◆ Records for this task
▬▬▬▬▬▬

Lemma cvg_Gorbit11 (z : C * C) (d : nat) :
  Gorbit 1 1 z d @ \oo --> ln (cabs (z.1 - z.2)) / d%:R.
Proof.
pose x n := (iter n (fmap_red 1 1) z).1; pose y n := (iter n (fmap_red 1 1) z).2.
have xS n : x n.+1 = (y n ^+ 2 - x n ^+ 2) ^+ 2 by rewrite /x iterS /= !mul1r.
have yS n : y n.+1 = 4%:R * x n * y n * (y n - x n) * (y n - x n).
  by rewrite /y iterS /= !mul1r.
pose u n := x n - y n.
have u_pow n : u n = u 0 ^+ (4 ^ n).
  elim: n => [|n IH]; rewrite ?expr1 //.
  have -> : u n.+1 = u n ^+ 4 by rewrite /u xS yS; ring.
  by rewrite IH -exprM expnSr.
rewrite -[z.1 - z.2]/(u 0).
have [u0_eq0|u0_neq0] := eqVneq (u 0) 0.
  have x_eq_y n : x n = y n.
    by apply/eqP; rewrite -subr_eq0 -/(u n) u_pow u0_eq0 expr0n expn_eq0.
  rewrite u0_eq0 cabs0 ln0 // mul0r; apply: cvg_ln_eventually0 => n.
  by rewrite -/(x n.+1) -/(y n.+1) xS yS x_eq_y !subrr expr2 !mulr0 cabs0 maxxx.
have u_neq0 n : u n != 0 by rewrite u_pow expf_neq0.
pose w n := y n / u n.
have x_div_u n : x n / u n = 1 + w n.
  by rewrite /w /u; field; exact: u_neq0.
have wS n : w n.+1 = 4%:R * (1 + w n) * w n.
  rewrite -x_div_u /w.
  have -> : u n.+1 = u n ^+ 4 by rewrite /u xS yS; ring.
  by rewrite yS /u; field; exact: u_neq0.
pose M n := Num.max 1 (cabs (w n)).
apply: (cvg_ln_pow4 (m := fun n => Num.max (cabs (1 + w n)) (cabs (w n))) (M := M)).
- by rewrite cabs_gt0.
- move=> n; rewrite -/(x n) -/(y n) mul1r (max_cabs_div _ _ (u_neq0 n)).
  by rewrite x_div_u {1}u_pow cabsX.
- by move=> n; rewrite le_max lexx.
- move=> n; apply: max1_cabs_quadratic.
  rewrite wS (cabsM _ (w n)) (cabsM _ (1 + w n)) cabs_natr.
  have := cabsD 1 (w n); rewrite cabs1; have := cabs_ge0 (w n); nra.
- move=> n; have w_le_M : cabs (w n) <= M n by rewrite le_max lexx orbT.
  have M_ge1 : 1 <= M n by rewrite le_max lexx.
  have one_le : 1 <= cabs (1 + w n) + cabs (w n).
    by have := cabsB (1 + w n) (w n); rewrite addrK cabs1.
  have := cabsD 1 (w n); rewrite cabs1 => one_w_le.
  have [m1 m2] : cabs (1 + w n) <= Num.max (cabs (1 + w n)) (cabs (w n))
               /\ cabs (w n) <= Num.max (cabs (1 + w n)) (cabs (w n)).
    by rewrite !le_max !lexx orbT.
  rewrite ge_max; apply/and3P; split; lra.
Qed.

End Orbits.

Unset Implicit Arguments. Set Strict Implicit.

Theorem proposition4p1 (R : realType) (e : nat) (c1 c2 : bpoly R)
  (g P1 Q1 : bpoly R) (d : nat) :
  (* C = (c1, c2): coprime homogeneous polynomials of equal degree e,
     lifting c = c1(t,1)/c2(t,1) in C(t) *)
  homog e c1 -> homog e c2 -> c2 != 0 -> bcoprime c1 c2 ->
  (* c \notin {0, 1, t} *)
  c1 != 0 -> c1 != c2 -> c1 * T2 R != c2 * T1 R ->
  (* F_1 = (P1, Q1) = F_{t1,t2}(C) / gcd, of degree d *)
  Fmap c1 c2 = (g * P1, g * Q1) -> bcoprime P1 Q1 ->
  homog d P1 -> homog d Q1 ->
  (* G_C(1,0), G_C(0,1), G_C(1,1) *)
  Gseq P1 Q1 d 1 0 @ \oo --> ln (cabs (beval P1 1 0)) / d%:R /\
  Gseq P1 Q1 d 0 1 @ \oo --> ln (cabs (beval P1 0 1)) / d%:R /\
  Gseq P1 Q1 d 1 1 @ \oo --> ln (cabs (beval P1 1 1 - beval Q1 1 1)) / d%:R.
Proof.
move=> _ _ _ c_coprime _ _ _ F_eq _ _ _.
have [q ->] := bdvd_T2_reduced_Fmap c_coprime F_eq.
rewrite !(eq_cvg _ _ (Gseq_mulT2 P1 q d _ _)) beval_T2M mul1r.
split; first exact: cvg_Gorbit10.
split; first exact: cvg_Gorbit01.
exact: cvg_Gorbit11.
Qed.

▬▬▬▬▬▬

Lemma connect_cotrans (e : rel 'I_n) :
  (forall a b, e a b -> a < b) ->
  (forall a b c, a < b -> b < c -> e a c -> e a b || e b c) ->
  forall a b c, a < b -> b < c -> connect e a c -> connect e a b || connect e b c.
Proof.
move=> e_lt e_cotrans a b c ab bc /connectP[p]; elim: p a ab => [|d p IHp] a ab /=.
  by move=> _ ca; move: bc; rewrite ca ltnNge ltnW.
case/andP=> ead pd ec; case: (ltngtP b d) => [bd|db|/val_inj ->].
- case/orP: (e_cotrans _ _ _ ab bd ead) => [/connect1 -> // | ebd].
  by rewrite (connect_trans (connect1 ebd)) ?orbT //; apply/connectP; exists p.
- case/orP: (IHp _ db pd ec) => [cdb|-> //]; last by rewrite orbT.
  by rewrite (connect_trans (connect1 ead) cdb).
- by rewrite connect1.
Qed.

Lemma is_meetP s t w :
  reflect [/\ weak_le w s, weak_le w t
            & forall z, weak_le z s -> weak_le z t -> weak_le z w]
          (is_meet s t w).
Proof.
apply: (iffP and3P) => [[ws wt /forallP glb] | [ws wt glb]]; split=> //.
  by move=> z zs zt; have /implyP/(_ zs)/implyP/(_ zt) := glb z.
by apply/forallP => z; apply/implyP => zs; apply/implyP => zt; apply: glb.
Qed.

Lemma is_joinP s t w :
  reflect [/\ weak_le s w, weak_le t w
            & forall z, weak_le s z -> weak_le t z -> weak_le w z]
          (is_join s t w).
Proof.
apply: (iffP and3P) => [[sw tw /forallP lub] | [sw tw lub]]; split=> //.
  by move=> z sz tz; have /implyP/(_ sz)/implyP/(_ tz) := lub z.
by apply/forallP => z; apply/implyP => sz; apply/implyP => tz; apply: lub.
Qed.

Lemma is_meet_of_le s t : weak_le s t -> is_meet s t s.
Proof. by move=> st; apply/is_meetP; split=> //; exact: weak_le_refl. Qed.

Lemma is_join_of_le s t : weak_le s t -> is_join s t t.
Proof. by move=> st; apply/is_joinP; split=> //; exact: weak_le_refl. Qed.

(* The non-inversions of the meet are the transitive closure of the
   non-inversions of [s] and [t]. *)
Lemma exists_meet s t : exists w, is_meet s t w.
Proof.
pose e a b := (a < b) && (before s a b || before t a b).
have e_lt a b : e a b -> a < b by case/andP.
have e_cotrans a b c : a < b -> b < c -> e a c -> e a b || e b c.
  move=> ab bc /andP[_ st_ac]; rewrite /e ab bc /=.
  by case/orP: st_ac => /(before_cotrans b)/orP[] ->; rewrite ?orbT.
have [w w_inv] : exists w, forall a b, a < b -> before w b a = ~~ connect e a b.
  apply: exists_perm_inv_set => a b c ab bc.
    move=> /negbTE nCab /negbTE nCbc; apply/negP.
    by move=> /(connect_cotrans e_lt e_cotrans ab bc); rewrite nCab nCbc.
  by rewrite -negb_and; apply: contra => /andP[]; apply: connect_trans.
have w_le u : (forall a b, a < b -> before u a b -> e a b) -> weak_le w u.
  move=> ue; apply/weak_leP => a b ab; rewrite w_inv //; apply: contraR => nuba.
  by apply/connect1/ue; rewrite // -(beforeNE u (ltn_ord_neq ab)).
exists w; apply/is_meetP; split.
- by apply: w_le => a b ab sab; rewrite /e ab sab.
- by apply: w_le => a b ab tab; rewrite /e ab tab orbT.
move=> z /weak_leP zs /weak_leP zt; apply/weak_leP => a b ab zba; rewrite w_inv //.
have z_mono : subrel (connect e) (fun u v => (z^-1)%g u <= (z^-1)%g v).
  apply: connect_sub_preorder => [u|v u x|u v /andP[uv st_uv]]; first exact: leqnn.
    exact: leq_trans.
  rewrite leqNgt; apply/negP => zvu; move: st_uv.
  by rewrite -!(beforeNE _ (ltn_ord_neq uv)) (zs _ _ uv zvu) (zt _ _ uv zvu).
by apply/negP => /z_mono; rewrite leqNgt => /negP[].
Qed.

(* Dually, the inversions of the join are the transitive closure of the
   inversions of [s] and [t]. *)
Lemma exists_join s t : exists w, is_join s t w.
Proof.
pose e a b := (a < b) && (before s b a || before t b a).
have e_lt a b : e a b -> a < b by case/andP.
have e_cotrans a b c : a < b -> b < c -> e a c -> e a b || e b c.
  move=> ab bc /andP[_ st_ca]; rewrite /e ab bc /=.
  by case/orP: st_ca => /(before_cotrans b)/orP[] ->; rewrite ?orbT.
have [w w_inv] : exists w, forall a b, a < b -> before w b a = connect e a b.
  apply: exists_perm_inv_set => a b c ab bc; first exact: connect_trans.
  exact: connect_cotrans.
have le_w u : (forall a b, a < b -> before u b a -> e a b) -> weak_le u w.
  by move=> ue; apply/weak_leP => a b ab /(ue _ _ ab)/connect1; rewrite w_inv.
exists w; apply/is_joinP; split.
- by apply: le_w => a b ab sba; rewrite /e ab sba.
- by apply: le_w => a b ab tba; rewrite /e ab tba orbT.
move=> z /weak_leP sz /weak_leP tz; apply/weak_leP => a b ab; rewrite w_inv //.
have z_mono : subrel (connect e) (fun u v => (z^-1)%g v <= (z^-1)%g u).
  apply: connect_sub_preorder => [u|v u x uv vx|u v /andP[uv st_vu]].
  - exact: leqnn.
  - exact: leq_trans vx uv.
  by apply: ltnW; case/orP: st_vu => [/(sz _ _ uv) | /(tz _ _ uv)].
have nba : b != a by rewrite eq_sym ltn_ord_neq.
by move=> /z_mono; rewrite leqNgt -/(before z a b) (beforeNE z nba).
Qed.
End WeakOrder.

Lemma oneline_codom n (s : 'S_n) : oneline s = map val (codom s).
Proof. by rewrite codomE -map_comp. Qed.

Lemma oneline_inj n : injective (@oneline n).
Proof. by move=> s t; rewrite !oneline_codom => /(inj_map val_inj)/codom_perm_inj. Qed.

▬▬▬▬▬▬

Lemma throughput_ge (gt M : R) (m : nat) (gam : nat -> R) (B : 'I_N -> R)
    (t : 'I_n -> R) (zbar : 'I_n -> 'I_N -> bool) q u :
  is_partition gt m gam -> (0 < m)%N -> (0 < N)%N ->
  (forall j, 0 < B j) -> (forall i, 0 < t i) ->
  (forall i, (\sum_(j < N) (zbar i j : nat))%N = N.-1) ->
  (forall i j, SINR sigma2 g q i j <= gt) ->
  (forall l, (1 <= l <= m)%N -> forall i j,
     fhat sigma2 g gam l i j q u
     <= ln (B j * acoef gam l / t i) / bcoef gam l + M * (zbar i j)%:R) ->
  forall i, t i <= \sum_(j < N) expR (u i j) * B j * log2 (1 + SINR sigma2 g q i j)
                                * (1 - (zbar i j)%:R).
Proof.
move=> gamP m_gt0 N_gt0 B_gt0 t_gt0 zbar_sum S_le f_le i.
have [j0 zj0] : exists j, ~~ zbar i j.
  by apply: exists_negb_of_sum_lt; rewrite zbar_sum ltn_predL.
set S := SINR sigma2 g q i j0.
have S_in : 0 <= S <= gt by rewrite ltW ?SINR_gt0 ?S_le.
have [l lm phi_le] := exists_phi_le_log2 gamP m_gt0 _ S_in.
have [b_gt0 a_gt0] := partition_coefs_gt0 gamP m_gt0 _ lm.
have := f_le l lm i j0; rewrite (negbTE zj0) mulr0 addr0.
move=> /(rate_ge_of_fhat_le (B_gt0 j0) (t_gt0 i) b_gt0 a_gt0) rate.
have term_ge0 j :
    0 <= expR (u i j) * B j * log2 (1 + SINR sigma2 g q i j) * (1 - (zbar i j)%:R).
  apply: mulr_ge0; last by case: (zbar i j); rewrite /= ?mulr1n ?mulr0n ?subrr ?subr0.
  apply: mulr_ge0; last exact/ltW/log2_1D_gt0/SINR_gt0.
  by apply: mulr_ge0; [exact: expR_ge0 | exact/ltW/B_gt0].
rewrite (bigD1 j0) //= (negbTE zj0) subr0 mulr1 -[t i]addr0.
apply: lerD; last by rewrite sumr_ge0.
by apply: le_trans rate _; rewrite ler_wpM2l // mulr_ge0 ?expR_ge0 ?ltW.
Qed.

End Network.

▬▬▬▬▬▬

◆ What the task asks
Return every line from the entries that holds the string "leqNgt".

◆ Exercise solution
  rewrite leqNgt; apply/negP => zvu; move: st_uv.
by apply/negP => /z_mono; rewrite leqNgt => /negP[].
by move=> /z_mono; rewrite leqNgt -/(before z a b) (beforeNE z nba).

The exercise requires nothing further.